Prime numbers

Erik Meijer has done this excellent series in functional programming which is available at Channel9.msdn.com
In one of the lectures he gives this example of generating an infinite list of prime numbers using lazy evaluation. His example was in Haskell. Here is the equivalent in F#:

let rec sieve nums = seq {
        let head = Seq.head nums
        yield head
        let tail = Seq.skip 1 nums
        let notMultipleOf n x = x % n <> 0
        yield! sieve (Seq.filter (notMultipleOf head) tail)
    }

let rec numbersAbove n = seq { yield n
                               yield! numbersAbove (n+1) }

let primes = sieve (numbersAbove 2)

Creating an interactive game using F#

One of the interesting things about functional programming is the notion of immutable types. Functional programmers avoid shared mutable state like the plague. In most functional languages, all values are immutable by default. A value cannot change once it is created. If you want to change a value in struct with many fields, you need to create a new struct, copy all the values and provide a new value for the field that needs to change. My initially thoughts were that this seemed incredibly inefficient. What it buys us though is that we can now modify values without worrying about another thread trying to access the same value. This all sounds great in theory but how do you write a game without having mutable state? The following example is kindof silly, but it serves to illustrate the point. How do you do the equivalent of:

void update() =
    int rocketHeight = 0;
    while(true)
    {
        drawRocketAt(rocketHeight);
        rocketHeight++;
    }

One of the ways of maintaining state is to pass it around in a recursive function. The following snippet has no mutable state, yet the rocket is drawn at a new position each frame.

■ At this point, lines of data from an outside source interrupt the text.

(* Let $X$ be a spectral space and let $Y\subseteq X$. (1) Suppose that $\sup(F)$ exists in $X$ for every nonempty finite subset $F\subseteq Y$. Then $\sup(Z)$ exists for every nonempty subset $Z\subseteq Y$, and $Y_\infty\subseteq\mathrm{Cl}^\mathrm{cons}(Y_f)$. (2) Suppose that $\inf(F)$ exists in $X$ for every nonempty finite subset $F\subseteq Y$. Then $\inf(Z)$ exists for every nonempty subset $Z\subseteq Y$, and $Y_{(\infty)}\subseteq\mathrm{Cl}^\mathrm{cons}(Y_{(f)})$.
   Context: A spectral space is a topological space homeomorphic to the prime spectrum of a commutative unitary ring with the Zariski topology. On a spectral space $X$ the specialization order is defined by $x\leq y$ iff $y\in\mathrm{Cl}(\{x\})$; it is a partial order, and $\sup$, $\inf$ refer to this order. The constructible topology on $X$ is the coarsest topology for which every open and quasi-compact subset of $X$ is clopen; $\mathrm{Cl}^\mathrm{cons}$ denotes closure in it. For $Y\subseteq X$: $Y_f$ is the set of all $\sup(F)$ with $F\subseteq Y$ nonempty finite (whenever the supremum exists), $Y_\infty$ the set of all existing $\sup(Z)$ with $\emptyset\neq Z\subseteq Y$; $Y_{(f)}$ and $Y_{(\infty)}$ are defined in the same way with infima instead of suprema. *)

From HB Require Import structures.
From mathcomp Require Import all_boot all_order all_algebra.
From mathcomp Require Import all_classical all_reals all_analysis.
Set Implicit Arguments. Unset Strict Implicit. Unset Printing Implicit Defensive.
Import GRing.Theory.
Local Open Scope classical_set_scope.
Local Open Scope ring_scope.

Definition prime_ideal (R : comPzRingType) (P : set R) : Prop :=
  [/\ P 0,
      (forall a b, P a -> P b -> P (a - b)),
      (forall r a, P a -> P (r * a)),
      ~ P 1 &
      (forall a b, P (a * b) -> P a \/ P b)].

Definition spec (R : comPzRingType) := {P : set R | prime_ideal P}.

Definition zariski_open (R : comPzRingType) (U : set (spec R)) : Prop :=
  exists S : set R, U = [set p : spec R | ~ (S `<=` proj1_sig p)].

Definition spectral (X : topologicalType) : Prop :=
  exists (R : comPzRingType) (f : X -> spec R),
    bijective f /\ (forall U : set X, open U <-> zariski_open (f @` U)).

Definition spec_le (X : topologicalType) (x y : X) : Prop :=
  closure [set x] y.

Definition is_sup (X : topologicalType) (Z : set X) (s : X) : Prop :=
  (forall z, Z z -> spec_le z s) /\
  (forall u, (forall z, Z z -> spec_le z u) -> spec_le s u).
(* Let $k\ge1$ and let $\hat\theta_1,\dots,\hat\theta_k\in\mathbb R$ with $e^{i\hat\theta_1},\dots,e^{i\hat\theta_k}$ pairwise distinct. Let $\hat A=(\phi_k(e^{i\hat\theta_1}),\dots,\phi_k(e^{i\hat\theta_k}))\in\mathbb C^{(k+1)\times k}$, $V$ the column space of $\hat A$, $V^\perp$ its (one-dimensional) orthogonal complement in $\mathbb C^{k+1}$, $P_{V^\perp}$ the orthogonal projection onto $V^\perp$, and $v$ a unit vector in $V^\perp$. Then for every $\theta\in\mathbb R$, $$\min_{\hat a\in\mathbb C^k}\|\hat A\hat a-\phi_k(e^{i\theta})\|_2=\|P_{V^\perp}\phi_k(e^{i\theta})\|_2=|v^*\phi_k(e^{i\theta})|\ge\frac{1}{2^k}\prod_{j=1}^k|e^{i\theta}-e^{i\hat\theta_j}|.$$
   Context: $\phi_s(z)=(1,z,\dots,z^s)^T\in\mathbb C^{s+1}$; $v^*$ is the conjugate transpose of $v$. *)

From Stdlib Require Import Reals.
Open Scope R_scope.

Record Cplx := mkC { Re : R ; Im : R }.

Definition C0 : Cplx := mkC 0 0.
Definition C1 : Cplx := mkC 1 0.
Definition Cadd (x y : Cplx) : Cplx := mkC (Re x + Re y) (Im x + Im y).
Definition Copp (x : Cplx) : Cplx := mkC (- Re x) (- Im x).
Definition Csub (x y : Cplx) : Cplx := Cadd x (Copp y).
Definition Cmul (x y : Cplx) : Cplx :=
  mkC (Re x * Re y - Im x * Im y) (Re x * Im y + Im x * Re y).
Definition Cconj (x : Cplx) : Cplx := mkC (Re x) (- Im x).
Definition Cmod (x : Cplx) : R := sqrt (Re x ^ 2 + Im x ^ 2).
Fixpoint Cpow (x : Cplx) (n : nat) : Cplx :=
  match n with O => C1 | S m => Cmul x (Cpow x m) end.
Definition Cexpi (t : R) : Cplx := mkC (cos t) (sin t).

let rec update(rocketHeight) =
    drawRocketAt(rocketHeight)
    update(rocketHeight + 1)
update(0)

This is all well and good, but surely you cannot pass all the state of every object in the same loop.
Agents to the rescue!
An agent or Actor is a lightweight object that runs in its own thread. Communication between actors happens through message passing. In F#, the MailboxProcessor implements this functionality and is essentially an actor/agent.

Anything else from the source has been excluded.